Loos himself is originally from Lincoln, NE, and he received a B.S in chemical engineering from the University of Nebraska-Lincoln. After a stint with the Department of Energy, he joined what was then FMC in Lawrence in 1996 and remains on the plant’s management team. Loos received an MBA from the University of Kansas in 2003, an experience he says was well worth it.


“A lot of its value is in the intangibles,” Loos says. “It’s having the background to talk to the finance department, H.R. or I.T. Engineers don’t get a lot of training in that.”

Zerr also has Jayhawk ties. He grew up in Park, in northwest Kansas, and earned a B.S. in chemical engineering from KU in 1986. He started his career with FMC, and then left Lawrence for other opportunities, both with FMC and other companies. Zerr joined Astaris in 2002 and is now based in ICL’s St. Louis headquarters.

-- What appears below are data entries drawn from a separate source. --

Section Quotient.
Variables (T : finType) (G : trigraph T).
Implicit Types (H : trigraph {set T}) (A B P Q U V W : {set T}) (s : seq ({set T} * {set T})).
Implicit Types (u v w : T).

(* Every trigraph of a contraction sequence from G is a quotient of G in this sense. *)
Record quotient_trigraph (H : trigraph {set T}) : Prop := QuotientTrigraph {
  part_cover : forall v, v \in tver G -> exists2 P, P \in tver H & v \in P;
  part_uniq : forall P Q v, P \in tver H -> Q \in tver H -> v \in P -> v \in Q -> P = Q;
  part_black : forall P Q p q, tblack H P Q -> p \in P -> q \in Q -> tblack G p q;
  part_adj : forall P Q p q, P \in tver H -> Q \in tver H -> P != Q ->
    p \in P -> q \in Q -> adj G p q -> adj H P Q }.

Lemma quotient_trig_lift : quotient_trigraph (trig_lift G).
Proof.
split.
- by move=> v vG; exists [set v]; [exact: imset_f | exact: set11].
- by move=> P Q v /imsetP[a _ ->] /imsetP[b _ ->]; rewrite !inE => /eqP-> /eqP->.
- move=> P Q p q /existsP[a /existsP[b /and3P[/eqP-> /eqP-> ab]]].
  by rewrite !inE => /eqP-> /eqP->.
- move=> P Q p q /imsetP[a _ ->] /imsetP[b _ ->] _; rewrite !inE => /eqP-> /eqP->.
  by rewrite /adj /= => /orP[] ab; apply/orP; [left|right];
    apply/existsP; exists a; apply/existsP; exists b; rewrite !eqxx.
Qed.

Lemma in_contract H A B P :
  (P \in tver (contract H A B)) = (P == A :|: B) || (P \in tver H :\ A :\ B).
Proof. exact: in_setU1. Qed.

Lemma adj_contract H A B P Q :
  adj (contract H A B) P Q =
  if P == A :|: B then (Q \in tver H :\ A :\ B) && (adj H A Q || adj H B Q)
  else if Q == A :|: B then (P \in tver H :\ A :\ B) && (adj H A P || adj H B P)
  else [&& P \in tver H :\ A :\ B, Q \in tver H :\ A :\ B & adj H P Q].
Proof.
rewrite {1}/adj /contract /=.
have [_|nPW] := eqVneq P (A :|: B); rewrite /adj.
  by move: (Q \in _) (tblack H A Q) (tblack H B Q) (tred H A Q) (tred H B Q) => [] [] [] [] [].
have [_|nQW] := eqVneq Q (A :|: B).
  by move: (P \in _) (tblack H A P) (tblack H B P) (tred H A P) (tred H B P) => [] [] [] [] [].
by move: (P \in _) (Q \in _) => [] [].
Qed.

Hypothesis wfG : wf_trigraph G.

Lemma adjC u v : adj G u v = adj G v u.
Proof. by case: wfG => _ _ bC rC _; rewrite /adj bC rC. Qed.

Neither executive would speak to the possibility of future investment in the Lawrence plant, although both indicated an increased emphasis on food products such as those manufactured there.

Phosphate-based food ingredients that do everything from improving leavening, texture and flavor to extending shelf life account for about half the plant’s output, Loos and Zerr say. ICL as a whole is seeking to expand its leadership in such products, known as functional foods, according to its 2013 financial
report, and it makes sense that the Lawrence plant would play a role in that, Zerr says.

“We are interested in growing our food business, and Lawrence is obviously a place we’re looking to continue investing in to support our food strategy,” Zerr says.